Lemma itv0T_bounds t : t \in `[0, T] -> 0 <= t /\ t <= T.
Proof. by rewrite in_itv /= => /andP. Qed.

Lemma f_le_sup i t : t \in `[0, T] -> f i t <= supnormT T (f i).
Proof. by move=> tT; rewrite (le_trans (ler_norm _)) // norm_le_supnormT. Qed.

Lemma Sf_ge0 : 0 <= Sf.
Proof.
have T0 : 0 \in `[0, T] by rewrite in_itv /= lexx ltW.
by apply: sumr_ge0 => i _; rewrite (le_trans (f_ge0 i T0)) // f_le_sup.
Qed.

Lemma ramp_rate_ge0 i : 0 <= ramp_rate i.
Proof. by rewrite /ramp_rate; case: eqP => // _; rewrite mulr_ge0 ?mu_ge0 ?Sf_ge0. Qed.

Lemma ramp_ge0 i t : 0 <= t -> 0 <= ramp i t.
Proof. by move=> t0; rewrite mulr_ge0 ?ramp_rate_ge0 // le_min t0 ltW ?tau_gt0. Qed.

Lemma ramp_le_lin i t : ramp i t <= ramp_rate i * t.
Proof. by rewrite ler_wpM2l ?ramp_rate_ge0 // ge_min lexx. Qed.

Lemma ramp_rate_le i : ramp_rate i <= mu i0 j0 * Sf.
Proof. by rewrite /ramp_rate; case: eqP => // _; rewrite mulr_ge0 ?mu_ge0 ?Sf_ge0. Qed.

Lemma ramp_le_sat i t : 0 <= t -> ramp i t <= mu i0 j0 * Sf * tau.
Proof.
move=> t0; rewrite ler_pM ?ramp_rate_ge0 ?ramp_rate_le ?ge_min ?lexx ?orbT //.
by rewrite le_min t0 ltW ?tau_gt0.
Qed.

Lemma F_out i t : i != i0 -> F i t = f i t.
Proof. by move=> /negbTE ne; rewrite /F /ramp /ramp_rate ne mul0r addr0. Qed.

Lemma F_ge0 i t : t \in `[0, T] -> 0 <= F i t.
Proof. by move=> tT; rewrite addr_ge0 ?f_ge0 ?ramp_ge0 //; case: (itv0T_bounds tT). Qed.

Lemma Ftot_ge0 t : t \in `[0, T] -> 0 <= Ftot t.
Proof. by move=> tT; apply: sumr_ge0 => i _; exact: F_ge0. Qed.

Lemma F_le_Ftot i t : t \in `[0, T] -> F i t <= Ftot t.
Proof.
by move=> tT; rewrite /Ftot (bigD1 i) //= lerDl sumr_ge0 // => k _; exact: F_ge0.
Qed.

Lemma Ftot_sub_F_i0 t : Ftot t - F i0 t = \sum_(i | i != i0) F i t.
Proof. by rewrite /Ftot (bigD1 i0) //= addrAC subrr add0r. Qed.

Lemma Ftot_sub_F_i0_ge0 t : t \in `[0, T] -> 0 <= Ftot t - F i0 t.
Proof. by move=> tT; rewrite Ftot_sub_F_i0 sumr_ge0 // => i _; exact: F_ge0. Qed.

Lemma Ftot_sub_F_i0_le t : t \in `[0, T] -> Ftot t - F i0 t <= Sf.
Proof.
move=> tT; rewrite Ftot_sub_F_i0 /Sf [leRHS](bigID (fun i => i != i0)) /=.
under eq_bigr => i /F_out -> do [].
rewrite ler_wpDr ?ler_sum // => [|i _].
  by apply: sumr_ge0 => i _; rewrite (le_trans (f_ge0 i tT)) ?f_le_sup.
exact: f_le_sup.
Qed.

Lemma Ftot_eq t : Ftot t = \sum_i f i t + ramp i0 t.
Proof.
rewrite /Ftot big_split /=; congr (_ + _); rewrite (bigD1 i0) //= big1 ?addr0 // => i ne.
by rewrite /ramp /ramp_rate (negbTE ne) mul0r.
Qed.

Lemma Ftot_le t : t \in `[0, T] -> Ftot t <= Sf * (1 + mu i0 j0 * tau).
Proof.
move=> tT; have [t0 _] := itv0T_bounds tT.
rewrite Ftot_eq mulrDr mulr1 mulrA [Sf * _]mulrC lerD ?ramp_le_sat //.
by apply: ler_sum => i _; exact: f_le_sup.
Qed.

Lemma Ftot_ge_sat t : t \in `[0, T] -> tau <= t -> mu i0 j0 * Sf * tau <= Ftot t.
Proof.
move=> tT taut; rewrite Ftot_eq /ramp /ramp_rate eqxx (min_r taut) lerDr.
by apply: sumr_ge0 => i _; exact: f_ge0.
Qed.

Lemma z_ge0 j t : t \in `[0, T] -> 0 <= z j t.
Proof. by move=> tT; have [_ _ _ [_ ->]] := sys tT. Qed.

Lemma Ztot_ge0 t : t \in `[0, T] -> 0 <= Ztot t.
Proof. by move=> tT; apply: sumr_ge0 => j _; exact: z_ge0. Qed.

Lemma lamFP t : t \in `[0, T] ->
  [/\ 0 <= lamF t, lamF t <= 1 & lamF t * Ftot t = matched t].
Proof. by move=> tT; apply: divr_itv01; rewrite ?ge_min ?lexx // le_min Ftot_ge0 ?Ztot_ge0. Qed.

Lemma lamZP t : t \in `[0, T] ->
  [/\ 0 <= lamZ t, lamZ t <= 1 & lamZ t * Ztot t = matched t].
Proof.
by move=> tT; apply: divr_itv01; rewrite ?ge_min ?lexx ?orbT // le_min Ftot_ge0 ?Ztot_ge0.
Qed.

Lemma dpsi_out i j t : (i, j) \notin E -> dpsi i j t = 0.
Proof.
rewrite /dpsi; case: eqP => [->|_]; first by rewrite i0_hub.
by case: eqP => [->|//]; rewrite j0_hub.
Qed.

Lemma dpsi_row i t : t \in `[0, T] -> \sum_j dpsi i j t = lamF t * F i t.
Proof.
move=> tT; have [_ _ lamF_F] := lamFP tT; have [_ _ lamZ_Z] := lamZP tT.
rewrite /dpsi; case: eqP => [->|_]; last first.
  by rewrite -big_mkcond big_pred1_eq.
rewrite sumrB -big_mkcond big_pred1_eq -mulr_sumr -/(Ztot t) lamZ_Z -lamF_F.
by rewrite mulrBr opprB addrC subrK.
Qed.

Lemma dpsi_col j t : \sum_i dpsi i j t = lamZ t * z j t.
Proof.
rewrite (bigD1 i0) //= {1}/dpsi eqxx.
under eq_bigr => i /negbTE ne do rewrite /dpsi ne.
case: eqP => _; last by rewrite big1 ?subr0 ?addr0.
by rewrite -mulr_sumr Ftot_sub_F_i0 subrK.
Qed.

Lemma z_le_Ztot j t : t \in `[0, T] -> z j t <= Ztot t.
Proof.
by move=> tT; rewrite /Ztot (bigD1 j) //= lerDl sumr_ge0 // => k _; exact: z_ge0.
Qed.

Lemma dpsi_ge0 i j t : i != i0 -> t \in `[0, T] -> 0 <= dpsi i j t.
Proof.
move=> /negbTE ne tT; have [lamF0 _ _] := lamFP tT.
by rewrite /dpsi ne; case: eqP => // _; rewrite mulr_ge0 ?F_ge0.
Qed.

Lemma dpsi_le i j t : t \in `[0, T] -> dpsi i j t <= Ftot t.
Proof.
move=> tT; have [lamF0 lamF1 _] := lamFP tT; have [lamZ0 _ lamZ_Z] := lamZP tT.
have lamZ_z_le k : lamZ t * z k t <= Ftot t.
  have matched_le : matched t <= Ftot t by rewrite ge_min lexx.
  by rewrite (le_trans _ matched_le) // -lamZ_Z ler_wpM2l ?z_le_Ztot.
rewrite /dpsi; case: eqP => _.
  rewrite (le_trans _ (lamZ_z_le j)) // gerBl; case: eqP => // _.
  by rewrite mulr_ge0 ?Ftot_sub_F_i0_ge0.
case: eqP => _; last exact: Ftot_ge0.
by rewrite (le_trans _ (F_le_Ftot i tT)) // ler_piMl ?F_ge0.
Qed.

Lemma dy_ge0 i t : t \in `[0, T] -> 0 <= dy i t.
Proof. by move=> tT; have [_ lamF1 _] := lamFP tT; rewrite mulr_ge0 ?subr_ge0 ?F_ge0. Qed.

Lemma dy_le i t : t \in `[0, T] -> dy i t <= Ftot t.
Proof.
move=> tT; have [lamF0 _ _] := lamFP tT.
by rewrite (le_trans _ (F_le_Ftot i tT)) // ler_piMl ?F_ge0 // gerBl.
Qed.

Lemma deta_le i t : t \in `[0, T] -> deta i t <= C_deta * Sf.
Proof.
move=> tT; have mu_row_ge0 : 0 <= \sum_j mu i j by apply: sumr_ge0 => j _; exact: mu_ge0.
have le_row : deta i t <= (\sum_j mu i j + theta i) * Ftot t.
  rewrite mulrDl mulr_suml; apply: lerD; last by rewrite ler_wpM2l ?dy_le.
  by apply: ler_sum => j _; rewrite ler_wpM2l ?mu_ge0 ?dpsi_le.
have coef_le : \sum_j mu i j + theta i <= \sum_i \sum_j mu i j + \sum_i theta i.
  apply: lerD; rewrite [leRHS](bigD1 i) //= lerDl sumr_ge0 // => k _.
  by apply: sumr_ge0 => j _; exact: mu_ge0.
apply: (le_trans le_row); rewrite /C_deta -mulrA [_ * Sf]mulrC.
by rewrite ler_pM ?addr_ge0 ?Ftot_ge0 ?Ftot_le.
Qed.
○ ○ ○ ○
### Problem requirements
Where in the entries above does the word "orbT" appear? Copy each line that has it.

### Answer to this exercise
move=> t0; rewrite ler_pM ?ramp_rate_ge0 ?ramp_rate_le ?ge_min ?lexx ?orbT //.
by move=> tT; apply: divr_itv01; rewrite ?ge_min ?lexx ?orbT // le_min Ftot_ge0 ?Ztot_ge0.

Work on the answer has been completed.